A Family at War

This remake of a 72-year-old film features characters that feel familiar all these years later

Marcel Pagnol's influence on French cinema goes back to the 1930s. He made his early mark as a director, but Pagnol's bigger contribution, at least by volume, was his writing. Many of his screenplays, stage plays and novels have been revisited time and again.

This is the first remake of his 1940 film, The Well Digger's Daughter. Speaking to the impact of Pagnol's work in France overall, the film is directed by Daniel Auteuil, who appeared in perhaps the best-known Pagnol exports, the mid-'80s duo of Manon of the Spring and Jean de Florette. Auteuil is currently directing three more Pagnol adaptations as a trilogy.

What is it about Pagnol's catalog that appeals so widely to the French, and what makes these works so transferable across the Atlantic? It may involve how relatable Pagnol's characters were then, and remain now. They have a genuine simplicity, even when faced with complex situations, that makes them feel very familiar. And in the case of The Well Digger's Daughter, there is also the beautiful Provençal countryside and that florid dialogue.

In the years before World War II, Pascal (Auteuil, directing himself) is trying to raise a half-dozen daughters on his own, on his meager salary from digging wells. The daughters help where they can, especially the eldest, 18-year-old Patricia (Astrid Bergès-Frisbey). Her father's dream is to see Patricia marry his co-worker, Félipe (Kad Merad), despite their quarter-century age difference. Patricia is instead captivated by a young airman named Jacques (Nicolas Duvauchelle), who we later learn is the son of Pascal's boss, a genealogy that complicates matters when Patricia carries Jacques' child.

When his regiment is called into duty, Jacques no-shows a final meeting with Patricia, leaving her pregnant and alone with no commitment from the father. Her own father more or less disowns her, citing the impact that a bastard child in the family would have on the prospects of her younger sisters. Félipe, still in love with Patricia, offers to marry her and raise the child as his own, but he, too, is called away to war.

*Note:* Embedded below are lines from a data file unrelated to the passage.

(* Let $T_1,T_2,\dots$ be independent exponential random variables with parameters $\lambda_i=4\sqrt{i+1}$, and for constants $c_1,c_2>0$ and $k\ge1$ let $G=\big\{|\{1\le i\le k: T_i\ge c_2/\sqrt{i}\}|>c_1k\big\}$. For any $\tilde c\in(0,\infty)$ there exist $c_1,c_2>0$ such that for all sufficiently large $k$, $\mathbf P(G^c)\le\exp(-\tilde c k)$. *)

From HB Require Import structures.
From mathcomp Require Import all_boot all_order all_algebra.
From mathcomp Require Import all_classical all_reals all_analysis.
Set Implicit Arguments. Unset Strict Implicit. Unset Printing Implicit Defensive.
Import Order.TTheory GRing.Theory Num.Theory.
Local Open Scope classical_set_scope.
Local Open Scope ring_scope.

(* Mutual independence of a family of real random variables (not in the
   library): for every finite set of distinct indices >= 1 (the family is
   T_1, T_2, ...; index 0 is unused) and every family of
   Borel sets, the joint preimage probability factorizes. *)
Definition mutually_independent_rv d (T : measurableType d) (R : realType)
    (P : probability T R) (X : nat -> {RV P >-> R}) : Prop :=
  forall (s : seq nat) (B : nat -> set R),
    uniq s -> all (leq 1) s -> (forall i, measurable (B i)) ->
    P (\big[setI/setT]_(i <- s) (X i @^-1` B i)) =
    (\prod_(i <- s) P (X i @^-1` B i))%E.

Definition exponential_rv d (T : measurableType d) (R : realType)
    (P : probability T R) (Y : {RV P >-> R}) (rate : R) : Prop :=
  forall A : set R, measurable A -> P (Y @^-1` A) = exponential_prob rate A.

Definition lam (R : realType) (i : nat) : R := 4 * Num.sqrt (i.+1)%:R.

Definition Gc d (T : measurableType d) (R : realType) (P : probability T R)
    (X : nat -> {RV P >-> R}) (c1 c2 : R) (k : nat) : set T :=
  [set w | (count (fun i => c2 / Num.sqrt i%:R <= X i w) (iota 1 k))%:R
             <= c1 * k%:R].

From HB Require Import structures.
From mathcomp Require Import all_boot all_order all_algebra.
From mathcomp Require Import all_classical all_reals all_analysis.
From mathcomp Require Import ring lra zify.
Set Implicit Arguments. Unset Strict Implicit. Unset Printing Implicit Defensive.
Import Order.TTheory GRing.Theory Num.Theory.
Local Open Scope classical_set_scope.
Local Open Scope ring_scope.

(* With c1 = 1/2, on G^c at least half of the events A_i = {T_i < c2/sqrt i},
   1 <= i <= k, occur.  Since P(A_i) <= lambda_i c2/sqrt i <= 8 c2 =: q,
   independence bounds the probability that any j given events occur together
   by q^j, and a union bound over the 2^k occurrence patterns yields
   P(G^c) <= 2^k q^(k/2).  Choosing q = (exp(-ct)/2)^2 makes this exp(-ct k). *)

Lemma exponential_prob_itvNy0 (R : realType) (rate : R) :
  exponential_prob rate `]-oo, 0[ = 0%E.
Proof.
rewrite /exponential_prob integral0_eq // => x /=.
by rewrite in_itv /= => /lt0_exponential_pdf ->.
Qed.

Lemma exponential_rv_lt_le d (T : measurableType d) (R : realType)
    (P : probability T R) (Y : {RV P >-> R}) (rate a : R) :
  exponential_rv Y rate -> 0 < a -> (P (Y @^-1` `]-oo, a[) <= (rate * a)%:E)%E.
Proof.
move=> HY a0.
have cover : `]-oo, a[%classic `<=` `]-oo, 0[%classic `|` `[0, a]%classic.
  move=> x /=; rewrite !in_itv /= => xa.
  by case: ltP => _; [left | right; rewrite ltW].
have mY (i : interval R) : measurable (Y @^-1` [set` i]).
  exact: measurable_funPTI (measurable_itv i).
apply: (@le_trans _ _ (P (Y @^-1` `]-oo, 0%R[) + P (Y @^-1` `[0%R, a]))%E).
  apply: le_trans (measureU2 _ (mY _) (mY _)); rewrite -preimage_setU.
  apply: le_measure; rewrite ?inE; last exact: preimage_subset.
    exact: mY.
  by rewrite preimage_setU; apply: measurableU.
rewrite !HY // exponential_prob_itvNy0 add0e exponential_prob_itv0c // -EFinB lee_fin.
have := expR_ge1Dx (- rate * a); rewrite mulNr; lra.
Qed.

Lemma prode_le_expr (R : realDomainType) (I : eqType) (s : seq I)
    (f : I -> \bar R) (q : R) :
  (forall i, 0 <= f i)%E -> {in s, forall i, (f i <= q%:E)%E} ->
  (\prod_(i <- s) f i <= (q ^+ size s)%:E)%E.
Proof.
move=> f0; elim: s => [|i s IH] fq; first by rewrite big_nil.
rewrite big_cons exprS EFinM lee_pmul ?fq ?mem_head ?prode_ge0 //.
by apply: IH => j js; apply/fq/mem_behead.
Qed.

Lemma mutually_independent_bigsetI_le d (T : measurableType d) (R : realType)
    (P : probability T R) (X : nat -> {RV P >-> R}) (B : nat -> set R) (q : R)
    (t : seq nat) :
  mutually_independent_rv X -> (forall i, measurable (B i)) ->
  uniq t -> all (leq 1) t -> {in t, forall i, (P (X i @^-1` B i) <= q%:E)%E} ->
  (P (\big[setI/setT]_(i <- t) X i @^-1` B i) <= (q ^+ size t)%:E)%E.
Proof.
move=> indep mB t_uniq t_pos PB; rewrite indep //.
by apply: prode_le_expr => // i; exact: measure_ge0.
Qed.

Lemma lam_mul_le (R : realType) (j : nat) (q : R) : (1 <= j)%N -> 0 <= q ->
  lam R j * (q / 8 / Num.sqrt j%:R) <= q.
Proof.
move=> j1 q0.
have sj0 : 0 < Num.sqrt (j%:R : R) by rewrite sqrtr_gt0 ltr0n.
have sqrt_succ : Num.sqrt (j.+1%:R : R) <= 2 * Num.sqrt j%:R.
  have -> : 2 * Num.sqrt (j%:R : R) = Num.sqrt (2 ^+ 2 * j%:R).
    by rewrite sqrtrM ?sqrtr_sqr ?ger0_norm // exprn_ge0.
  by rewrite ler_sqrt ?mulr_ge0 ?exprn_ge0 // -natrX -natrM ler_nat; lia.
have -> : lam R j * (q / 8 / Num.sqrt j%:R) = Num.sqrt j.+1%:R / (2 * Num.sqrt j%:R) * q.
  by rewrite /lam; field; rewrite gt_eqF.
by rewrite ler_piMl // ler_pdivrMr ?mul1r // mulr_gt0.
Qed.

Lemma exponential_lam_lt_le d (T : measurableType d) (R : realType)
    (P : probability T R) (Y : {RV P >-> R}) (j : nat) (q : R) :
  (1 <= j)%N -> 0 < q -> exponential_rv Y (lam R j) ->
  (P (Y @^-1` `]-oo, (q / 8 / Num.sqrt j%:R)%R[) <= q%:E)%E.
Proof.
move=> j1 q0 HY; apply: le_trans (exponential_rv_lt_le HY _) _.
  by rewrite !divr_gt0 // sqrtr_gt0 ltr0n.
by rewrite lee_fin lam_mul_le // ltW.
Qed.

Lemma sqr_expr_uphalf_le (R : numDomainType) (r : R) (k : nat) :
  0 <= r <= 1 -> (r ^+ 2) ^+ uphalf k <= r ^+ k.
Proof. by move=> /andP[r0 r1]; rewrite -exprM ler_wiXn2l //; lia. Qed.

Definition occurrences (T : Type) (A : nat -> set T) (s : seq nat) (w : T) : nat :=
  count (fun i => w \in A i) s.

Lemma bigsetI_allP (T : Type) (I : choiceType) (s : seq I) (F : I -> set T)
    (w : T) :
  (\big[setI/setT]_(i <- s) F i) w <-> all (fun i => w \in F i) s.
Proof.
rewrite -bigcap_seq; split => [Fw|/allP Fw i si].
  by apply/allP => i si; apply/mem_set/Fw.
exact/set_mem/Fw.
Qed.

Lemma Boole_inequality_seq d (T : ringOfSetsType d) (R : realFieldType)
    (mu : {content set T -> \bar R}) (I : Type) (s : seq I) (P : pred I)
    (F : I -> set T) :
  (forall i, P i -> measurable (F i)) ->
  (mu (\big[setU/set0]_(i <- s | P i) F i) <= \sum_(i <- s | P i) mu (F i))%E.
Proof.
move=> mF; elim: s => [|i s IH]; first by rewrite !big_nil measure0.
rewrite !big_cons; case: ifP => // Pi.
apply: le_trans (measureU2 _ (mF _ Pi) (bigsetU_measurable _ mF)) _.
exact: leeD.
Qed.

Section count_events.
Context d (T : algebraOfSetsType d) (R : realFieldType).
Variable mu : {content set T -> \bar R}.
Variable A : nat -> set T.
Hypothesis mA : forall i, measurable (A i).

Lemma occurrences_geE (s : seq nat) (m : nat) :
  [set w | (m <= occurrences A s w)%N] =
  \big[setU/set0]_(b : (size s).-tuple bool | (m <= count id b)%N)
    \big[setI/setT]_(i <- mask b s) A i.
Proof.
rewrite -bigcup_seq_cond; apply/seteqP; split => w /=.
  move=> mw; exists (map_tuple (fun i => w \in A i) (in_tuple s)).
    by rewrite /= mem_index_enum count_map.
  by apply/bigsetI_allP; rewrite -filter_mask filter_all.
case=> b /= /andP[_ mb] /bigsetI_allP; rewrite all_count => /eqP cnt.
rewrite (leq_trans mb) // -(size_mask (size_tuple b)) -cnt.
exact: leq_count_mask.
Qed.

Lemma measure_occurrences_ge_le (s : seq nat) (m : nat) (q : R) :
  0 <= q <= 1 ->
  (forall t, subseq t s -> (mu (\big[setI/setT]_(i <- t) A i) <= (q ^+ size t)%:E)%E) ->
  (mu [set w | (m <= occurrences A s w)%N] <= (q ^+ m *+ 2 ^ size s)%:E)%E.
Proof.
move=> /andP[q0 q1] indep; rewrite occurrences_geE.
apply: le_trans (Boole_inequality_seq mu _ _) _ => [b _|].
  exact: bigsetI_measurable.
apply: (@le_trans _ _ (\sum_(b : (size s).-tuple bool) (q ^+ m)%:E)%E); last first.
  by rewrite sumEFin sumr_const card_tuple card_bool.
rewrite big_mkcond /=; apply: lee_sum => b _; case: ifP => mb; last first.
  by rewrite lee_fin exprn_ge0.
apply: le_trans (indep _ (mask_subseq b s)) _.
by rewrite lee_fin size_mask ?size_tuple // ler_wiXn2l.
Qed.

End count_events.

Lemma Gc_half_occurrencesE d (T : measurableType d) (R : realType)
    (P : probability T R) (X : nat -> {RV P >-> R}) (c2 : R) (k : nat) :
  Gc X (1 / 2) c2 k =
  [set w | (uphalf k <=
     occurrences (fun i => X i @^-1` `]-oo, c2 / Num.sqrt i%:R[) (iota 1 k) w)%N].
Proof.
rewrite /Gc; apply: eq_set => w; congr is_true.
set p := fun i => c2 / Num.sqrt i%:R <= X i w.
rewrite /occurrences [X in (_ <= X)%N](@eq_count _ _ (predC p)); last first.
  move=> i; rewrite /= -ltNge.
  by apply/idP/idP => [/set_mem | ?]; [| apply: mem_set]; rewrite /= in_itv.
have := count_predC p (iota 1 k); rewrite size_iota.
rewrite -(ler_pM2l (_ : 0 < 2)) // mulrA mul1r divff // mul1r -natrM ler_nat.
by move=> count_k; apply/idP/idP; lia.
Qed.

Theorem mainTheorem6 (R : realType) (d : measure_display) (T : measurableType d)
    (P : probability T R) (X : nat -> {RV P >-> R}) :
  mutually_independent_rv X ->
  (forall i, (1 <= i)%N -> exponential_rv (X i) (lam R i)) ->
  forall ct : R, 0 < ct ->
  exists c1 c2 : R, [/\ 0 < c1, 0 < c2 &
    exists K : nat, forall k : nat, (K <= k)%N -> (1 <= k)%N ->
      (P (Gc X c1 c2 k) <= (expR (- (ct * k%:R)))%:E)%E].
Proof.
move=> indep expo ct ct0.
pose r := expR (- ct) / 2; pose q := r ^+ 2.
have r01 : 0 <= r <= 1.
  have : expR (- ct) < 1 by rewrite expR_lt1 oppr_lt0.
  by have := expR_gt0 (- ct); rewrite /r; lra.
have q0 : 0 < q by rewrite exprn_gt0 // divr_gt0 ?expR_gt0.
exists (1 / 2), (q / 8); split => //; first by rewrite divr_gt0.
exists 0%N => k _ _; rewrite Gc_half_occurrencesE.
pose B i := `]-oo, q / 8 / Num.sqrt i%:R[%classic.
have PA_indep t : subseq t (iota 1 k) ->
    (P (\big[setI/setT]_(i <- t) X i @^-1` B i) <= (q ^+ size t)%:E)%E.
  move=> tk; have t_pos i : i \in t -> (1 <= i)%N.
    by move/(mem_subseq tk); rewrite mem_iota => /andP[].
  apply: mutually_independent_bigsetI_le => // [i|||i /t_pos i1].
  - exact: measurable_itv.
  - exact: subseq_uniq tk (iota_uniq 1 k).
  - exact/allP.
  - exact: exponential_lam_lt_le (expo i i1).
apply: le_trans (measure_occurrences_ge_le _ _ _ PA_indep) _.
- by move=> i; exact: measurable_funPTI (measurable_itv _).
- by case/andP: r01 => r0 r1; rewrite (ltW q0) exprn_ile1.
rewrite size_iota lee_fin -mulr_natr natrX.
apply: le_trans (ler_wpM2r (exprn_ge0 _ _) (sqr_expr_uphalf_le k r01)) _ => //.
by rewrite -exprMn divfK ?pnatr_eq0 // -expRM_natl mulrN mulrC.
Qed.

Undercutting the rural lifestyle that dominates the first 30 minutes of this film is the loud, messy unpredictability of the 20th century. We can assume that Pascal's profession—proud as he is of his honest day's work—will not last the rest of his life. Birds of war are in the air, and his daughter has committed a horrible sin that could have at that time marked the entire family as undesirable. The hook in The Well Digger's Daughter is watching Pascal come to terms with everything all at once, even as he treats each ripple as a tidal wave.

Astrid Bergès-Frisbey is another in the long tradition of beautiful young French actresses whose every move is utterly graceful, and whose every word is sublimely lyrical; Catherine Deneuve, Emmanuelle Béart, Juliette Binoche, Audrey Tautou, Marion Cotillard—how do they do that so well, so often? Though she's seemingly a lifetime older than her character at 26, Bergès-Frisbey brings incredible fragility to the role of Patricia, which makes Pascal's perceived betrayal of his daughter even more heartbreaking.

It is Auteuil, though, who moves this film forward. His direction is even, neither noticeably flawed nor noteworthy, although he had the sense to hire the great Alexandre Desplat to provide a terrific musical score. But his adaptation of Pagnol's novel, and particularly his heavy-hearted performance as a man who cuts off his nose to spite his face, help carry The Well Digger's Daughter beyond the ranks of just another French period piece. It says, quite convincingly, and with great ease, that the good old days and rough road ahead are what we make of them.

The Well Digger's Daughter is not showing in any theaters in the area.